> **INPUT RECORDS**
Theorem lemma4p12 (p : nat) (F : closedFieldType) (V : lmodType F) (one : V)
    (Y : V -> int -> V -> V) (pi : int -> V -> V) (Lm1 L0 L1 : nat -> V -> V) :
  prime p -> odd p -> p \in [pchar F] ->
  H_module_VA one Y pi Lm1 L0 L1 ->
  (forall (n : int) (v : V), n < 0 -> pi n v = 0) ->
  (forall v : V, pi 0 v = v -> exists c : F, v = c *: one) ->
  VA_ideal Y (max_graded_submodule Y pi) /\
  ((forall (n : nat) (v : V), (0 < n)%N -> pi n%:Z v = v -> L1 n v = 0) ->
   H_submodule Lm1 L0 L1 (max_graded_submodule Y pi)).
Proof.
(* The argument does not use the characteristic. *)
move=> _ _ _ HV V_neg V_deg0.
have JE := max_graded_submoduleE HV V_deg0.
have subJ : subspace (max_graded_submodule Y pi).
  by apply: subspace_ext _ (J_subspace HV) => x; apply: iff_sym.
split.
  split=> // u a r /JE Ja; split; apply/JE; first exact: J_Y.
  exact: (J_Yl HV V_neg r u Ja).
move=> L1_top; split=> // k a /JE Ja; split; [|split]; apply/JE.
- exact: (J_Lm1 HV V_neg k Ja).
- exact: (J_L0 HV k Ja).
- exact: (J_L1 HV L1_top k Ja).
Qed.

> **INSTRUCTIONS TO FOLLOW**
What lines in the data above contain the word "apply"? Copy them all.

> **RESULT FOR THIS TASK**
  by apply: subspace_ext _ (J_subspace HV) => x; apply: iff_sym.
  split=> // u a r /JE Ja; split; apply/JE; first exact: J_Y.
move=> L1_top; split=> // k a /JE Ja; split; [|split]; apply/JE.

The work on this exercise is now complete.